“Wake up…the world needs you"

Post Earth, the second full-length album from Los Angeles’ melodic noise punk quartet FEELS, is a call to arms, interspersed with frustration and hope.

It’s in the title track, a riff-heavy dispatch from a near future when billionaires flee the dying Earth, only to find their own comeuppance. It’s in the tuneful, ’70s punk of opener Car and its dismissal of “one nation under fraud.” It’s in the jittery “Find A Way,” which demands “Burn all the money, all the flags, all this stupid pride.” It’s in the entreaties to resist of “Tollbooth:” “the world needs you and you and you.”

“It wasn’t intentional to write a politically charged record,” says bassist Amy Allen, who constitutes FEELS with Laena Geronimo (guitar/vocals), Shannon Lay (guitar/vocals), and Michael Perry Rudes (drums). “But the way the world is functioning right now made it impossible to write about anything else. We all need to figure it out; we’re running out of time. The golden age is over.”

Maybe FEELS did not start their second album with a conceptual agenda, but they definitely intended to speak out: “If you have any kind of platform, you should use it for good,” Lay states.
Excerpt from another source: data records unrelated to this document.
Lemma count_block_le_1 L (eps : nat -> bool) : (0 < L)%nat ->
  is_series (fun i => if eps i then yseq L i else 0) 0 ->
  forall n, (count_true (fun j => eps (n * S L + j)%nat) L <= 1)%nat.
Proof.
  intros HL Hs.
  set (c := fun n => count_true (fun j => eps (n * S L + j)%nat) L).
  set (b := fun n => if eps (n * S L + L)%nat then 1%nat else 0%nat).
  set (m := fun n => (Z.of_nat (c n) - Z.of_nat (b n))%Z).
  assert (Hm : forall n, IZR (m n) = INR (c n) - INR (b n)).
  { intros n; unfold m; rewrite minus_IZR, <- !INR_IZR_INZ; reflexivity. }
  assert (Hblock : forall n, blocksum (S L) (fun i => if eps i then yseq L i else 0) n
                             = IZR (m n) * (/ (INR L + 2)) ^ n).
  { intros n; unfold blocksum; simpl psum.
    unfold yseq at 2; rewrite blockwise_at, Nat.ltb_irrefl, Hm by lia.
    rewrite (psum_ext _ (fun j => if eps (n * S L + j)%nat then (/ (INR L + 2)) ^ n else 0)).
    - rewrite psum_indicator; unfold b, c; destruct (eps _); simpl; ring.
    - intros j Hj; unfold yseq; rewrite blockwise_at by lia.
      destruct (Nat.ltb_spec j L); [reflexivity | lia]. }
  assert (Hzero : forall n, m n = 0%Z).
  { apply (is_series_integer_power_zero L).
    - intros n; rewrite Hm; apply Rabs_le.
      pose proof (le_INR _ _ (count_true_le _ L : (c n <= L)%nat)).
      pose proof (le_INR _ _ HL); pose proof (pos_INR (c n)).
      unfold b; destruct (eps _); simpl in *; lra.
    - apply (is_series_ext (blocksum (S L) (fun i => if eps i then yseq L i else 0)));
        [exact Hblock | apply is_series_blocksum; [lia | exact Hs]]. }
  intros n; specialize (Hzero n); unfold m, b in Hzero; fold (c n).
  destruct (eps _); lia.
Qed.

Lemma P_sums_of_zero_slice P a (eps : nat -> bool) s : In 0 P ->
  is_series (fun i => if eps i then xseq P a i else 0) s ->
  is_series (fun i => if eps i then yseq (length P) i else 0) 0 ->
  P_sums P a s.
Proof.
  intros hP0 Hx Hy; set (L := length P) in *.
  assert (HL : (0 < L)%nat) by (unfold L; destruct P; [destruct hP0 | simpl; lia]).
  pose proof (count_block_le_1 L eps HL Hy) as Hcount.
  exists (fun n => psum (fun j => if eps (n * S L + j)%nat then nth j P 0 else 0) L).
  split.
  - intros n; apply psum_select_In; [exact hP0 | | apply Hcount].
    intros j Hj; apply nth_In; exact Hj.
  - apply (is_series_ext (blocksum (S L) (fun i => if eps i then xseq P a i else 0)));
      [|apply is_series_blocksum; [lia | exact Hx]].
    intros n; unfold blocksum.
    rewrite (psum_ext _ (fun j => (if eps (n * S L + j)%nat then nth j P 0 else 0) * a n)).
    + rewrite psum_mult_r; simpl psum; rewrite nth_overflow, Rmult_plus_distr_r by lia.
      destruct (eps (n * S L + L)%nat); rewrite Rmult_0_l; apply Rplus_0_r.
    + intros j Hj; unfold xseq; rewrite blockwise_at by exact Hj.
      destruct (eps _); ring.
Qed.

Lemma zero_slice_of_P_sums P a s :
  ex_series (fun n => Rabs (a n)) -> P_sums P a s ->
  exists eps : nat -> bool,
    is_series (fun i => if eps i then xseq P a i else 0) s /\
    is_series (fun i => if eps i then yseq (length P) i else 0) 0.
Proof.
  intros Ha [e [HeP He]]; set (L := length P).
  assert (Hidx : forall n, {j | (j < L)%nat /\ nth j P 0 = e n})
    by (intros n; apply constructive_indefinite_description, In_nth, HeP).
  set (idx := fun n => proj1_sig (Hidx n)).
  assert (Hidx_lt : forall n, (idx n < L)%nat) by (intros n; apply (proj2_sig (Hidx n))).
  assert (Hidx_nth : forall n, nth (idx n) P 0 = e n) by (intros n; apply (proj2_sig (Hidx n))).
  (* In block [n], choose the entry [e n] of [P] and the compensating last entry. *)
  exists (blockwise (S L) (fun n j => Nat.eqb j (idx n) || Nat.eqb j L)%bool).
  split.
  - apply (is_series_of_blocksum (S L)); [lia | apply ex_series_select, ex_series_abs_xseq, Ha |].
    apply (is_series_ext (fun n => e n * a n)); [|exact He].
    intros n; unfold blocksum, xseq.
    rewrite (psum_ext _ (fun j => if (Nat.eqb j (idx n) || Nat.eqb j L)%bool
                                  then nth j P 0 * a n else 0)).
    + rewrite psum_select_two, Hidx_nth, nth_overflow by (apply Hidx_lt || lia).
      rewrite Rmult_0_l, Rplus_0_r; reflexivity.
    + intros j Hj; rewrite !blockwise_at by exact Hj; reflexivity.
  - apply (is_series_of_blocksum (S L)); [lia | apply ex_series_select, ex_series_abs_yseq |].
    apply (is_series_ext (fun _ => 0)).
    + intros n; unfold blocksum, yseq.
      rewrite (psum_ext _ (fun j => if (Nat.eqb j (idx n) || Nat.eqb j L)%bool
          then (if Nat.ltb j L then (/ (INR L + 2)) ^ n else - (/ (INR L + 2)) ^ n) else 0)).
      * rewrite psum_select_two, Nat.ltb_irrefl by apply Hidx_lt.
        destruct (Nat.ltb_spec (idx n) L); [| specialize (Hidx_lt n); lia].
        symmetry; apply Rplus_opp_r.
      * intros j Hj; rewrite !blockwise_at by exact Hj; reflexivity.
    + change (is_lim_seq (sum_n (fun _ => 0)) 0).
      apply (is_lim_seq_ext (fun _ => 0)); [|apply is_lim_seq_const].
      intros N; rewrite sum_n_psum, psum_const; ring.
Qed.

Theorem theorem4p1 (P : list R) (a : nat -> R)
  (hP0 : In 0 P)
  (ha_abs : ex_series (fun n => Rabs (a n)))
  (ha_mono : forall n, Rabs (a n) >= Rabs (a (S n)) /\ Rabs (a (S n)) > 0) :
  exists x y : nat -> R,
    ex_series (fun n => Rabs (x n) + Rabs (y n)) /\
    (forall s, slice (achievement_set2 x y) 0 s <-> P_sums P a s).
Proof.
  exists (xseq P a), (yseq (length P)); split.
  - exact (ex_series_plus _ _ (ex_series_abs_xseq P a ha_abs) (ex_series_abs_yseq (length P))).
  - intros s; split.
    + intros [eps [Hx Hy]]; exact (P_sums_of_zero_slice P a eps s hP0 Hx Hy).
    + intros Hs; exact (zero_slice_of_P_sums P a s ha_abs Hs).
Qed.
Geronimo continues, “If our wildest dreams came true, the album would sound exciting to people while also inspiring awareness and action against hate, prejudice, greed, the destruction of our environment…apathy's not cool and toppling oppression could be fun if we do it together!"

With that steadfast proportion of heavy and light, Post Earth never completely wallows in despair: look for The Simpsons references—courtesy of superfan Lay—in goofy rave-up “Deconstructed.” The atmospheric jam “Sour” finds Geronimo defiantly proclaiming “This land is our land” to the people in power who exploit division. The understated melodies of “W.F.L. (Work For Love)” sing of dirt under fingernails “to remind us why we do what we do.”

FEELS do what they do thanks to a bond that stretches back to adolescence. Geronimo, Allen, and Rudes have known each other since high school, when the Rudes’ garage served as the hangout and nexus for their musical projects. Rudes and Lay played in Geronimo’s solo project, Raw Geronimo, for years before it morphed into FEELS with the addition of Allen. Their shared history makes for a rare chemistry among collaborators.

After recording their 2016 eponymous debut – which earned the band press attention from outlets including The FADER, SPIN and The Los Angeles Times -- with Ty Segall in one marathon daylong session, FEELS decamped to Northern California in August 2017 for a comparatively luxurious eight days with Tim Green. The former guitarist of punk iconoclasts Nation of Ulysses, Green has worked with Sleater-Kinney, Bikini Kill, Joanna Newsom and Jawbreaker among others. “His studio was an ideal experience to be able to escape day-to-day tasks, lock ourselves away, and focus,” ruminates Rudes.

“I think the first album was very much like how we were live,” Lay says. “It was just this barrage of noise and energy, and with this one we were able to give it some breath and take our time—and also just think about what we were trying to say with this record and how we didn’t necessarily want to constantly scream it at you.”

On Post Earth, FEELS strike this perfect balance with a mix of angular, interweaving guitars, lush vocal harmonies, heavy bass and pummeling drums — at times hearty and loud, and at others stunningly harmonic and calm. “We feel comfortable not having to power through everything now,” Geronimo adds. “And for the more subtle things to be heard versus glossed over with noise. Not that noise is a bad thing, but we’re doing all of these weird, interesting things—maybe we should hear them.”

For Geronimo -- the daughter of legendary Devo drummer Alan Myers who grew up playing in a wide variety of projects with (and without) him – interesting is ingrained. The interlocking components of Anyways reveal her classical training: “I wrote it to be these really specific parts that had to layer over each other exactly, which is a real sheet-music kind of bullshit thing,” she says, laughing. “Luckily everyone was down to humor me.”

But that’s the modis operandi of FEELS: “There’s no point in being like, ‘That’s not going to work,’” Geronimo says. “Just try it—who knows?”

“Who knows?” is also the central question of Post Earth. “It’s more of a questioning than a telling kind of album,” Geronimo says. “I guess that’s the bottom line. It’s a questioning: What’s gonna happen?”

There’s no easy answer to that one. But if the good old days are over, Post Earth shows FEELS’ golden age is just beginning.